Closed shahzeb1 closed 6 years ago
Can you give an example of where it does calculate a p-value? That function looks to return pval = np.nan
.
I'm not sure I follow what you mean.
Are you asking about the source code for tableone or are you asking me about how I'm using tableone?
In the line you highlight, it returns pval
, which is set to np.nan two lines above. So I was wondering where it was that you found a pval being computed. Is it just not clear that in one of the many comparisons it makes, a pval wasn't computed?
OK gotchu, I see that now.
I guess what I'm asking is: why is this warning being raised.
Is it because there is a lack of values for a specific group?
Here is the HTML output:
I'm just trying to better understand that p-test warning and see how to get rid of it / fix the data.
This warning I think is different than the one cited in original post.
This one indicates that an asymptotic test like Pearson's Chi-squared isn't a good choice here, because the cell counts are too small (looks primarily to be from missing data -- I can't see the bottom of the language variables -- does it have any observed in the suicide=1 group?).
I believe we have Fisher's exact test implemented, but it's only for the 2x2 case. Here it looks like you are kx2.
Ah I see, I thought the warning was referencing the same thing.
Here is a link to the HTML file: https://cdn.rawgit.com/CrivelliLab/structured_suicide/7e5d74d0/output/basic_stats_patient_info.html
Yeah that's what confused me because even though the terminal warns that No p-value was computed
(referring to the originally cited line of code), it still ends up generating some sort of p-value.
I'm just trying to figure out what to do with the data so the p-value doesn't raise any warning and can do a more sensible calculation.
So this looks like pretty sparse data.
If this is MIMIC data, I usually collapse some of these groups, so you end up with a sufficient number in each.
Alternatively, you can set pval=False
. It's unclear the objective of this study, so this may be reasonable if you're simply trying to summarise the data.
Yes it is MIMIC.
Yes, I saw the pval
option, and I just wanted to use tableone's p-value test. Seemed like a neat option, but it might not be fit for my use-case.

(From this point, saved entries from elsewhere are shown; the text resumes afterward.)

Lemma series_survival_le n t : series (fun k => surv k t) n <= E t.
Proof.
elim: n t => [|n IH] t; first by rewrite seriesEnat /= big_geq.
rewrite seriesEnat /= big_nat_recl //=; apply: le_trans (E_super t); apply: lerD => //.
by rewrite -kmean_sum; apply: kmean_le => v; exact: IH.
Qed.

Lemma survival_cvg0 t : surv n t @[n --> \oo] --> 0.
Proof.
apply: cvg_series_cvg_0; apply: (@ge0_bounded_series_cvgn _ _ (E t)) => [k|n].
  exact: survival_ge0.
exact: series_survival_le.
Qed.

Local Notation drift j t := (P (fun v => `|I v - I t| * surv j v) t).

Lemma iter_drift_cvg0 k t : iter k P (fun v => drift j v) t @[j --> \oo] --> 0.
Proof.
rewrite -(mul0r (surv k t)) -iter_kmean_cst; apply: iter_kmean_cvg => v.
rewrite -(kmean0 v); apply: kmean_cvg => w.
by rewrite -(mulr0 `|I w - I v|); apply: cvgMl_tmp; exact: survival_cvg0.
Qed.

Lemma iter_drift_le k j t : iter k P (fun v => drift j v) t <= b * surv k t.
Proof.
rewrite -iter_kmean_cst; apply: iter_kmean_le => v.
apply: le_trans (I_increment v); apply: kmean_le => w.
by apply: ler_piMr => //; exact: survival_le1.
Qed.

Lemma iter_kmean_decomposition n t :
  iter n P I t <=
    I t * surv n t + \sum_(0 <= k < n) iter k P (fun v => drift (n - k.+1)%N v) t.
Proof.
elim: n t => [|n IH] t; first by rewrite big_geq // mulr1 addr0.
rewrite big_nat_recl //= subn1 /= addrA.
apply: le_trans (kmean_le t IH) _; rewrite kmeanD kmean_sum.
apply: lerD; last by under eq_bigr do rewrite subSS.
rewrite -kmeanZ -kmeanD; apply: kmean_le => v; rewrite -mulrDl.
by apply: ler_wpM2r; [exact: survival_ge0 | rewrite -lerBlDl ler_norm].
Qed.

Lemma subharmonic_le0 (m : T -> R) :
  (forall t, m t <= P m t) -> (forall t, m t <= I t) -> forall t, m t <= 0.
Proof.
move=> m_sub m_le t.
have m_le_iter n v : m v <= iter n P I v.
  elim: n v => [|n IH] v //=; apply: le_trans (m_sub v) _; exact: kmean_le.
have b_ge0 : 0 <= b by apply: le_trans (I_increment t); exact: kmean_ge0.
have bound_cvg :
    I t * surv n t + \sum_(0 <= k < n) iter k P (fun v => drift (n - k.+1)%N v) t
    @[n --> \oo] --> I t * 0 + 0.
  apply: cvgD; first by apply: cvgMl_tmp; exact: survival_cvg0.
  apply: (@cvg0_convolution _ (fun k j => iter k P (fun v => drift j v) t)
                            (fun k => b * surv k t) (b * E t)) => [k j|n|k].
  - rewrite iter_drift_le andbT; apply: iter_kmean_ge0 => v; apply: kmean_ge0 => w.
    by apply: mulr_ge0 => //; exact: survival_ge0.
  - by rewrite seriesEnat /= -mulr_sumr; apply: ler_wpM2l => //; exact: series_survival_le.
  - exact: iter_drift_cvg0.
rewrite -(mulr0 (I t)) -(addr0 (I t * 0)).
apply: (ler_cvg_to (cvg_cst (m t)) bound_cvg); near=> n.
exact: le_trans (m_le_iter n t) (iter_kmean_decomposition n t).
Unshelve. all: by end_near. Qed.

End SubstochasticKernel.

Local Open Scope ereal_scope.

Section LoopFree.
Variable R : realType.
Implicit Types (C : prog R) (h : Exp R).

Lemma iv_ge0 b : 0 <= iv R b. Proof. by case: b. Qed.

Lemma prob_ge0 (p : {r : R | (0 <= r <= 1)%R}) : 0 <= (sval p)%:E.
Proof. by case: p => r /= /andP[]. Qed.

So due to the sparsity of the second group, it's basically unable to accurately generate the tests?
Also one general question: Do the p-value tests look at each row by row comparing the two groups or do the tests look at an entire column and compare it to the second group's column. I assume it's the latter.
Thank you for your quick responses by the way, really appreciate it.
For sparse categorical data, it's generally not a great idea to use Pearson's chi-squared test. Fisher's exact test is an alternative, but we have not implemented the general (mxn) case yet. I think were are hoping to do so in the future, but don't have an ETA.
Yes, it looks at the latter, and outputs one p-value.
Thank you for the help.
https://github.com/tompollard/tableone/blob/1e920cdeaa44306379cd942a8fdabfea849e1fb4/tableone.py#L557
I feel like the warning being shown here is vague especially because despite saying that "No p-value was computed" it does end up computing a p-value.
If you explain why this warning is being generated, I would be more than happy to work on a PR which gives a more appropriate and verbose warning.